- **Exercise brief**
What appears from the first line of the records below through the line containing "pose proof (cond_nonneg x (x + -2));" must be reproduced verbatim.

====

Lemma trans_nonneg x y : 0 <= trans beta x y.
Proof.
  unfold trans, Rdiv. apply Rmult_le_pos; [apply cond_nonneg|].
  assert (Hpiw : 0 <= piw beta x).
  { unfold piw; cbn [map fold_right offsets].
    pose proof (cond_nonneg x (x + -2)); pose proof (cond_nonneg x (x + -1));
    pose proof (cond_nonneg x (x + 0)); pose proof (cond_nonneg x (x + 1));
    pose proof (cond_nonneg x (x + 2)). lra. }
  destruct Hpiw as [Hpos | <-].
  - apply Rlt_le, Rinv_0_lt_compat, Hpos.
  - rewrite Rinv_0; lra.
Qed.

Lemma trans_row_sum x : x <> 0%Z ->
  fold_right Rplus 0 (map (fun d => trans beta x (x + d)) offsets) = 1.
Proof.
  intro Hx. pose proof (piw_pos x Hx). unfold trans, piw in *.
  cbn [map fold_right offsets] in *. field. lra.
Qed.

Lemma trans_to_dummy x : trans beta x 0 = 0.
Proof. unfold trans, cond, cedge. decide_Z_tests; unfold Rdiv; ring. Qed.

Lemma trans_no_left_jump x : (2 <= x)%Z -> trans beta x (x + -2) = 0.
Proof. intro. unfold trans, cond, cedge. decide_Z_tests; unfold Rdiv; ring. Qed.

Lemma trans_no_right_jump x : (1 <= x)%Z -> trans beta x (x + 2) = 0.
Proof. intro. unfold trans, cond, cedge. decide_Z_tests; unfold Rdiv; ring. Qed.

====

- **Result of this exercise**
Lemma trans_nonneg x y : 0 <= trans beta x y.
Proof.
  unfold trans, Rdiv. apply Rmult_le_pos; [apply cond_nonneg|].
  assert (Hpiw : 0 <= piw beta x).
  { unfold piw; cbn [map fold_right offsets].
    pose proof (cond_nonneg x (x + -2)); pose proof (cond_nonneg x (x + -1));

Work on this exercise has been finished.